(Data for this exercise)

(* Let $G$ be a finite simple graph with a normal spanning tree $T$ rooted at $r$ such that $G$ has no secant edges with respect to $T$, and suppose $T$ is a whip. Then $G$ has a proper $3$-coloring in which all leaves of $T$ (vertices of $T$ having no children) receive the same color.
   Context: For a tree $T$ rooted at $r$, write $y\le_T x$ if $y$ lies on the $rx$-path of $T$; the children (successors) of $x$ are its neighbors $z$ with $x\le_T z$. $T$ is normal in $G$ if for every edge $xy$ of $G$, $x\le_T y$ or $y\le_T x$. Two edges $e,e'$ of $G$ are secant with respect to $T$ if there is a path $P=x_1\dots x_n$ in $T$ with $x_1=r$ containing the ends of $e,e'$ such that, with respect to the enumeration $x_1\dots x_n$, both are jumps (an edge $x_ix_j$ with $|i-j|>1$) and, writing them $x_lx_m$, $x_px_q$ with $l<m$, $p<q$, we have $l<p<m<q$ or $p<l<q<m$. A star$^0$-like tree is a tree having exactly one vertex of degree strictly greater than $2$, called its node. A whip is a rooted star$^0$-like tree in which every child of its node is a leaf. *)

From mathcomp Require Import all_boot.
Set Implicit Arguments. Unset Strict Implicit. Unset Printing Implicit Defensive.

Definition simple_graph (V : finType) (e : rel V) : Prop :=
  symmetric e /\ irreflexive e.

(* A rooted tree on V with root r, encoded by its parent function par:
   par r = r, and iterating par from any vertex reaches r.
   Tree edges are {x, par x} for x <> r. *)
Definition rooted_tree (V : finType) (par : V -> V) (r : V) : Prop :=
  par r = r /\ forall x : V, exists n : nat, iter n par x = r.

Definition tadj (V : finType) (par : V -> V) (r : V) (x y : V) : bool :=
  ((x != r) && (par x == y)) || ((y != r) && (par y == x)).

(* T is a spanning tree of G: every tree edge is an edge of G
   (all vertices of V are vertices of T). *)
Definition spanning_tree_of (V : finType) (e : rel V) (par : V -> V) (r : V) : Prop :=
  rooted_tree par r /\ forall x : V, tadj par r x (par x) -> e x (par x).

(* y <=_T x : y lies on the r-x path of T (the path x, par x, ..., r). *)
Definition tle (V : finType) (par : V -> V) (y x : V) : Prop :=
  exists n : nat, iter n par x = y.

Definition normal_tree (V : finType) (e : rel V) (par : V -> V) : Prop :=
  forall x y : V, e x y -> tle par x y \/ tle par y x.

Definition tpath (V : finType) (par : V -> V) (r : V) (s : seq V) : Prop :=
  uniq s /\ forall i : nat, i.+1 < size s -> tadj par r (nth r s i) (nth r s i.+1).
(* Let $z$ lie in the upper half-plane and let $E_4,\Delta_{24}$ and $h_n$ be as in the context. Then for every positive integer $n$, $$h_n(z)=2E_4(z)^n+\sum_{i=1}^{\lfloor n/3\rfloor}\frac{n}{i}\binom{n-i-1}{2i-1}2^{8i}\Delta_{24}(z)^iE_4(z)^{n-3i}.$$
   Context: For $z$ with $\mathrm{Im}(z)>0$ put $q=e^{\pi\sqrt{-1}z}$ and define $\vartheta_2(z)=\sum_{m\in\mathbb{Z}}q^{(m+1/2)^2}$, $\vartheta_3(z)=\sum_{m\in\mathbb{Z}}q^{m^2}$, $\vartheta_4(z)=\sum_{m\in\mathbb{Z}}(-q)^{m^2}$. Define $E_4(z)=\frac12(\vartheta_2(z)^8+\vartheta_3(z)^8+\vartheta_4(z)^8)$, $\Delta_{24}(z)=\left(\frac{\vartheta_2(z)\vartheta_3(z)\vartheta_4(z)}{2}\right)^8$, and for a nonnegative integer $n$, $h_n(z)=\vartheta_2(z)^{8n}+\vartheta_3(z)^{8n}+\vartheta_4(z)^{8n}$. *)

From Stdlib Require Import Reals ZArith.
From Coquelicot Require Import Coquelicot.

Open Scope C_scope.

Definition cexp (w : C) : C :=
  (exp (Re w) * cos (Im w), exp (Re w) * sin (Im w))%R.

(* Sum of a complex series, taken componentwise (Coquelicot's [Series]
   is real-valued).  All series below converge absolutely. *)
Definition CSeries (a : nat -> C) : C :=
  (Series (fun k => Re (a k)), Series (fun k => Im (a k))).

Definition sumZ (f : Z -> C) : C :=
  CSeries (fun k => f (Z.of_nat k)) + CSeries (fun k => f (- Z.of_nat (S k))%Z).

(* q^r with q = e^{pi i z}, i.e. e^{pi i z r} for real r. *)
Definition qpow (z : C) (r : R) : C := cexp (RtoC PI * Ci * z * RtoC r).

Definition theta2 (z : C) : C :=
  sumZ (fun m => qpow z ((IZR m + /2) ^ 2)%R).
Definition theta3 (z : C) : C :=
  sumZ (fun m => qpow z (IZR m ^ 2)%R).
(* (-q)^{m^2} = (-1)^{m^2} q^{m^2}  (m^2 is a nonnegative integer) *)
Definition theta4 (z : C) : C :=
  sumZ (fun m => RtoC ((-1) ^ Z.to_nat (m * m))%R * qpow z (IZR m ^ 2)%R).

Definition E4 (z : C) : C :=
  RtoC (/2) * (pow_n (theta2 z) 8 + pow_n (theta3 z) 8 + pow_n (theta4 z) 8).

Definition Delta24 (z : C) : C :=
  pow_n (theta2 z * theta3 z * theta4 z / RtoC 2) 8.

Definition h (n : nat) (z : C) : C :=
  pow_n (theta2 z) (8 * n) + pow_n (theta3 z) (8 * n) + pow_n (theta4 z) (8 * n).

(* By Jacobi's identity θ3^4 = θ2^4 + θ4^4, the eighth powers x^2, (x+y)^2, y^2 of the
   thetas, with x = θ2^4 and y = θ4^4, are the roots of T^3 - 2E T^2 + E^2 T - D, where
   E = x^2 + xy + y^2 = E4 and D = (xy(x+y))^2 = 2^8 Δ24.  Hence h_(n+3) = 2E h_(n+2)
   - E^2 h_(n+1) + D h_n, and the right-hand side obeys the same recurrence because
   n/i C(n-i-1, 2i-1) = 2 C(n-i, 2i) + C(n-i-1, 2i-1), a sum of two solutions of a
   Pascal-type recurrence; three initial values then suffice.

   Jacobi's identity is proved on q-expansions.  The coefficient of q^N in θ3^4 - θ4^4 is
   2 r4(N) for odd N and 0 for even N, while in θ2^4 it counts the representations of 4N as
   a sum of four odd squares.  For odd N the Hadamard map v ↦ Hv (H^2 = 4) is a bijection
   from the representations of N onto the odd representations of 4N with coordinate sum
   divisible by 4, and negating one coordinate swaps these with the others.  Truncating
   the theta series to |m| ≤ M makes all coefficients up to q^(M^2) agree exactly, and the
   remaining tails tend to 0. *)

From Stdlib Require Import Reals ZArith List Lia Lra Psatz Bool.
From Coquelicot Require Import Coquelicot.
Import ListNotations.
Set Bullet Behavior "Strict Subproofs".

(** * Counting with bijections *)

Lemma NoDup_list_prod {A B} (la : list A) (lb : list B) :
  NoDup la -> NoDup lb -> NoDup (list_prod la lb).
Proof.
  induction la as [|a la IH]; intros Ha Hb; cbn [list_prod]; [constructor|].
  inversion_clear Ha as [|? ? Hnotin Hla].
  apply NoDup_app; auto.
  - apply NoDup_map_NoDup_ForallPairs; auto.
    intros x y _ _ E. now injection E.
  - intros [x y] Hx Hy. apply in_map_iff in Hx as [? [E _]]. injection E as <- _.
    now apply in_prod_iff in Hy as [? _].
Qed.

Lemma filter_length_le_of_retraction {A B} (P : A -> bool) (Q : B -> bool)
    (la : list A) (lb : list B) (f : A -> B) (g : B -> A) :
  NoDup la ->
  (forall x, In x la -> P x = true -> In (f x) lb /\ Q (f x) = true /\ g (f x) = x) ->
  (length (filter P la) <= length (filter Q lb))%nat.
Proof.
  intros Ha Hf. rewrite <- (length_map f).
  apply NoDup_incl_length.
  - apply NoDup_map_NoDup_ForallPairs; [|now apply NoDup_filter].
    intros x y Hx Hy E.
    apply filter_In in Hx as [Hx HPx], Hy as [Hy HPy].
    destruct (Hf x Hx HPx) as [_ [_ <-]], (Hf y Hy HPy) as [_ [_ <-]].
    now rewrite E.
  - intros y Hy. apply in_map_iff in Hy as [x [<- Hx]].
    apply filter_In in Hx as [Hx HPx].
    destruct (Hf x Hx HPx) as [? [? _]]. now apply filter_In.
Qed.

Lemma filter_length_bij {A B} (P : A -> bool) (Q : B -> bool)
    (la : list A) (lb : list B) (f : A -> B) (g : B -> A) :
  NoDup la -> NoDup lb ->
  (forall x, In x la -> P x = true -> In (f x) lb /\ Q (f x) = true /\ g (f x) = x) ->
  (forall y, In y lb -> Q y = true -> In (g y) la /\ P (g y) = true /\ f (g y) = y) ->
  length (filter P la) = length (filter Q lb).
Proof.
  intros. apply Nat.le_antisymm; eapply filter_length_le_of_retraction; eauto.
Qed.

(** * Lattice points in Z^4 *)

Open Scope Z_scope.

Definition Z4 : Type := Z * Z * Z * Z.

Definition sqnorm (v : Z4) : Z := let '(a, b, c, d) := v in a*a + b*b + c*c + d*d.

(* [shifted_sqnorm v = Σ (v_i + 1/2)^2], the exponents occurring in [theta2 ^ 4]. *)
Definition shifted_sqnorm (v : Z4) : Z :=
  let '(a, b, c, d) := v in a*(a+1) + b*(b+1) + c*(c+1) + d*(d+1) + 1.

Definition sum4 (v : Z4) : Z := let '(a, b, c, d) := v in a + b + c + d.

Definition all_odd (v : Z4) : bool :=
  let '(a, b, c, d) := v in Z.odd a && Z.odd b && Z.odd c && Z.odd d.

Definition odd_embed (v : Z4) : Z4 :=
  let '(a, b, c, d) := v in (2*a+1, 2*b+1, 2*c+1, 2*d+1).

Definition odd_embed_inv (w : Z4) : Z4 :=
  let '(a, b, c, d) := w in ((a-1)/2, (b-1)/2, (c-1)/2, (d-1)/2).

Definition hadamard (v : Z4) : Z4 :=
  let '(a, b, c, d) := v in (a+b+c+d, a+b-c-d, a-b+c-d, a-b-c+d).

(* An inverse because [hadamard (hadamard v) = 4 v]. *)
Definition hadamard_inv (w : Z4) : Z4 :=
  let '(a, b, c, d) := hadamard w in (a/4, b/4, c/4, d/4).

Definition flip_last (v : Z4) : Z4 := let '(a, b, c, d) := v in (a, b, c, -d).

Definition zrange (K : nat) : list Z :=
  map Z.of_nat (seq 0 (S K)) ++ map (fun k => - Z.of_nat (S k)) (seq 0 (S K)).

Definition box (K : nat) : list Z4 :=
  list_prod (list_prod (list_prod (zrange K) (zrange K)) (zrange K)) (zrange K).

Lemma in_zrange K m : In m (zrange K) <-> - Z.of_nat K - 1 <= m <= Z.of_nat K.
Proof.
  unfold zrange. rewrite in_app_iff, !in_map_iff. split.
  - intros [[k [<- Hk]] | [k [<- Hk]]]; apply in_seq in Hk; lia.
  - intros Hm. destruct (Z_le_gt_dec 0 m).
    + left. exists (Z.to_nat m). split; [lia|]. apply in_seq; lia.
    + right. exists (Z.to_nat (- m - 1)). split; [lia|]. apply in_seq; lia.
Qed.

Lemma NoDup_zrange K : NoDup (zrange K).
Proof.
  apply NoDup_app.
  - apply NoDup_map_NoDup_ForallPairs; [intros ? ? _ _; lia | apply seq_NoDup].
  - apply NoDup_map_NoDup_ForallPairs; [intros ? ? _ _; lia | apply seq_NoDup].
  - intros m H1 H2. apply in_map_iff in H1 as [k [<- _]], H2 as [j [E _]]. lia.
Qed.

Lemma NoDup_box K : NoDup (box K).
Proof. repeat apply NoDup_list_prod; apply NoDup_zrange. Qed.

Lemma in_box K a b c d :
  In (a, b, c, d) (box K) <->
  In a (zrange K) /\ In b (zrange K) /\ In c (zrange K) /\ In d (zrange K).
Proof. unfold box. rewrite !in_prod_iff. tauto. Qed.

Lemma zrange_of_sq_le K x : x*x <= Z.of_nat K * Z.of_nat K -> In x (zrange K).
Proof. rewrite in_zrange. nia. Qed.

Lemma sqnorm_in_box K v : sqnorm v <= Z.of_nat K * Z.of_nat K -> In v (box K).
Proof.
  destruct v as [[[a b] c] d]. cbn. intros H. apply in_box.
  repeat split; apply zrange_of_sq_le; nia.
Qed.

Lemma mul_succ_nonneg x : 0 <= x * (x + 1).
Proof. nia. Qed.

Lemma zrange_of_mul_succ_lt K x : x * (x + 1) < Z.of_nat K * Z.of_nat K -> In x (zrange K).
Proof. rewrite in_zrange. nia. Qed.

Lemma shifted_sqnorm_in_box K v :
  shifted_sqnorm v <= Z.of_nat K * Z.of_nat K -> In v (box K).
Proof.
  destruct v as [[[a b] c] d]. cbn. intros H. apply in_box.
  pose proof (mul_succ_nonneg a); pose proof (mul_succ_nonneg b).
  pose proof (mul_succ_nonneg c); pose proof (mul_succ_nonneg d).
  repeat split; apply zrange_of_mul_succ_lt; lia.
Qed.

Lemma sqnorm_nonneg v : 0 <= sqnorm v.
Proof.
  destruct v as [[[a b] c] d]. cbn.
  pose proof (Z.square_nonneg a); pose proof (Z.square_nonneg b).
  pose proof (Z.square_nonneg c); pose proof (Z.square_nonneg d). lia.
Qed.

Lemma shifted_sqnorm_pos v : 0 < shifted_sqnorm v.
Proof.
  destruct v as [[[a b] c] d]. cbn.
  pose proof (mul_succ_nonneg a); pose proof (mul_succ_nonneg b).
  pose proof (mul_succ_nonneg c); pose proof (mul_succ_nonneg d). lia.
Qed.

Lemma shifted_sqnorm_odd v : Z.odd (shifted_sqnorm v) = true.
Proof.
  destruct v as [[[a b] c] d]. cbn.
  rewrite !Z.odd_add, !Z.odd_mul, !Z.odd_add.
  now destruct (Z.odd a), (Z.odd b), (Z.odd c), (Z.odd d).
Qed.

(End Data for this exercise)

Exercise directions: When a line of the records holds the word "Stdlib", copy that line.

Your response:
From Stdlib Require Import Reals ZArith.
From Stdlib Require Import Reals ZArith List Lia Lra Psatz Bool.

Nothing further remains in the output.